Like in case of bright field imaging we need to setup the epi-fluorescence microscope to achieve Köhler Illumination. There is a small problem here. The Aperture Diaphragm needs to be placed at the back focal plane of the condenser. Since the objective doubles as the condenser, placing it there means both the illumination and collection NAs are affected. Reducing the Aperture Diaphragm to decrease the NA of the condenser will lead to decrease in NA of the objective as it collects the emitted light. To overcome this problem Köhler Illumination in epi-illumination uses a configuration as shown in Figure 28.

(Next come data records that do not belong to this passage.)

(* Let $\mathcal{E}$ be the variety of loops described in the context, let $n\ge3$, let $\mathcal{F}_n\in\mathcal{E}$ be the free loop of $\mathcal{E}$ on $n$ generators, and let $M_3$ be the free loop of $\mathcal{E}$ on $3$ generators (the free code loop with 3 generators). Then $\mathcal{F}_n$ can be embedded (by an injective loop homomorphism) in a direct product of copies of $M_3$.
   Context: A loop is a set with a binary operation $xy$ such that any two of $x,y,z$ in $xy=z$ determine the third uniquely, and with a two-sided identity $1$. It is Moufang if $((xy)x)z=x(y(xz))$ for all $x,y,z$. The loop commutator $[x,y]$ is the unique element with $xy=(yx)[x,y]$, and the associator $(x,y,z)$ the unique element with $(xy)z=(x(yz))(x,y,z)$. $\mathcal{E}$ is the variety of Moufang loops satisfying the identities $x^4=1$, $[x,y]^2=1$, $(x,y,z)^2=1$, $[x^2,y]=1$, $[[x,y],t]=1$, $[(x,y,z),t]=1$, $(x^2,y,z)=1$, $([x,y],z,t)=1$, $((x,y,z),t,s)=1$; it is the variety generated by all code loops (Moufang loops $L$ with a central subgroup $A$ of order 2 such that $L/A$ is an elementary abelian 2-group). *)

From mathcomp Require Import all_boot.
From Stdlib Require Import FunctionalExtensionality.

Set Implicit Arguments.
Unset Strict Implicit.
Unset Printing Implicit Defensive.

(* Unique solvability is
   encoded (equivalently, as usual) by left/right division operations. *)
Record loop := Loop {
  lcarrier :> Type;
  lmul : lcarrier -> lcarrier -> lcarrier;
  lone : lcarrier;
  lldiv : lcarrier -> lcarrier -> lcarrier;  (* lldiv a b = a \ b *)
  lrdiv : lcarrier -> lcarrier -> lcarrier;  (* lrdiv b a = b / a *)
  lmul1l : forall x, lmul lone x = x;
  lmul1r : forall x, lmul x lone = x;
  lmul_ldiv : forall a b, lmul a (lldiv a b) = b;
  lldiv_mul : forall a b, lldiv a (lmul a b) = b;
  lmul_rdiv : forall a b, lmul (lrdiv b a) a = b;
  lrdiv_mul : forall a b, lrdiv (lmul b a) a = b
}.

Arguments lmul {l}.
Arguments lone {l}.
Arguments lldiv {l}.
Arguments lrdiv {l}.

Section LoopDefs.
Variable L : loop.
Local Notation "x * y" := (lmul x y).
Local Notation "1" := (@lone L).

Definition moufang : Prop :=
  forall x y z : L, ((x * y) * x) * z = x * (y * (x * z)).

Definition lcomm (x y : L) : L := lldiv (y * x) (x * y).
Definition lassoc (x y z : L) : L := lldiv (x * (y * z)) ((x * y) * z).

Definition lsq (x : L) : L := x * x.

Definition in_E : Prop :=
  moufang /\
  (forall x : L, lsq (lsq x) = 1) /\
  (forall x y : L, lsq (lcomm x y) = 1) /\
  (forall x y z : L, lsq (lassoc x y z) = 1) /\
  (forall x y : L, lcomm (lsq x) y = 1) /\
  (forall x y t : L, lcomm (lcomm x y) t = 1) /\
  (forall x y z t : L, lcomm (lassoc x y z) t = 1) /\
  (forall x y z : L, lassoc (lsq x) y z = 1) /\
  (forall x y z t : L, lassoc (lcomm x y) z t = 1) /\
  (forall x y z t s : L, lassoc (lassoc x y z) t s = 1).

End LoopDefs.

Definition loop_hom (L1 L2 : loop) (h : L1 -> L2) : Prop :=
  forall x y : L1, h (lmul x y) = lmul (h x) (h y).

Definition free_E_loop (n : nat) (F : loop) (g : 'I_n -> F) : Prop :=
  in_E F /\
  forall (L : loop), in_E L -> forall f : 'I_n -> L,
    exists h : F -> L,
      loop_hom h /\ (forall i, h (g i) = f i) /\
      (forall h' : F -> L, loop_hom h' -> (forall i, h' (g i) = f i) ->
         forall x, h' x = h x).

Section Power.
Variables (M : loop) (I : Type).

Definition pw_mul (a b : I -> M) : I -> M := fun i => lmul (a i) (b i).
Definition pw_one : I -> M := fun _ => lone.
Definition pw_ldiv (a b : I -> M) : I -> M := fun i => lldiv (a i) (b i).
Definition pw_rdiv (a b : I -> M) : I -> M := fun i => lrdiv (a i) (b i).

Lemma pw_mul1l x : pw_mul pw_one x = x.
Proof. apply: functional_extensionality => i; exact: lmul1l. Qed.
Lemma pw_mul1r x : pw_mul x pw_one = x.
Proof. apply: functional_extensionality => i; exact: lmul1r. Qed.
Lemma pw_mul_ldiv a b : pw_mul a (pw_ldiv a b) = b.
Proof. apply: functional_extensionality => i; exact: lmul_ldiv. Qed.
Lemma pw_ldiv_mul a b : pw_ldiv a (pw_mul a b) = b.
Proof. apply: functional_extensionality => i; exact: lldiv_mul. Qed.
Lemma pw_mul_rdiv a b : pw_mul (pw_rdiv b a) a = b.
Proof. apply: functional_extensionality => i; exact: lmul_rdiv. Qed.
Lemma pw_rdiv_mul a b : pw_rdiv (pw_mul b a) a = b.
Proof. apply: functional_extensionality => i; exact: lrdiv_mul. Qed.

Definition power_loop : loop :=
  @Loop (I -> M) pw_mul pw_one pw_ldiv pw_rdiv
    pw_mul1l pw_mul1r pw_mul_ldiv pw_ldiv_mul pw_mul_rdiv pw_rdiv_mul.

End Power.

(* In an E-loop every square, commutator and associator is a central involution,
   the associator is a symmetric trilinear form, and
   [(xy)^2 = x^2 y^2 [x,y]],  [[xy,z] = [x,z] [y,z] (x,y,z)].
   Hence in the free E-loop F on generators g_i, every element whose image in the
   abelianization F -> Z_2^n is trivial is a product of the basic elements g_i^2,
   [g_i,g_j] (i < j) and (g_i,g_j,g_k) (i < j < k).  A nontrivial x in F is
   therefore either detected by a map to Z_2 sending one generator to 1, or it is
   such a product in which some basic element occurs an odd number of times; that
   element is detected by a map to a code loop of order 16 which is nontrivial on
   at most three generators.  Both kinds of maps factor through M_3, so the maps
   F -> M_3 separate the points of F and jointly embed F into a power of M_3. *)

From HB Require Import structures.
From mathcomp Require Import all_boot.
From Stdlib Require Import FunctionalExtensionality ProofIrrelevance.
From mathcomp Require Import zify.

Figure 28: Köhler Illumination in Epi-Illumination Configuration. Green is excitation path and red is emission path.

Figure 28 shows the schematic of an epi-fluorescence microscope that uses an arc lamp as the excitation source. Unlike in the case of Köhler Illumination for bright field imaging, the Aperture Diaphragm comes first in the light path and then the Field Diaphragm.

Consider a single point at the center of arc-gap. Light from this point is collimated by the Collector Lens and then focused by Lens B. Focal point of Lens B creates an image of that point on the arc-gap. As we discussed for Köhler Illumination in transmitted illumination configuration  the focal plane of Lens B is a conjugate plane of the light source. We can place the aperture diaphragm here. Lens C is placed at its focal distance from Aperture Diaphragm. This hence produces a collimated beam of light that is directed into the Field Lens.

The Field Aperture is kept at the focal distance away from the Field Lens. This creates an image of the Filed Aperture on the sample plane. The Field Lens focuses the collimated beam of light reflecting through the dichroic mirror onto the back focal plane of the objective. This creates an image of the arc-gap point at the back focal plane of the objective. The objective then collimates this light into a beam pencil to impinge on the sample plane. Like what we discussed earlier the different points on the light source create beam pencils at different angles that intersect at the focal point of the objective (acting as condenser). This creates the cone of light, condensing it on the sample plane.

Note that we have essentially moved the position of the Aperture Diaphragm from the back focal plane of the objective to a point before it. We can now control the NA of illumination without affecting the NA of light collection by the objective.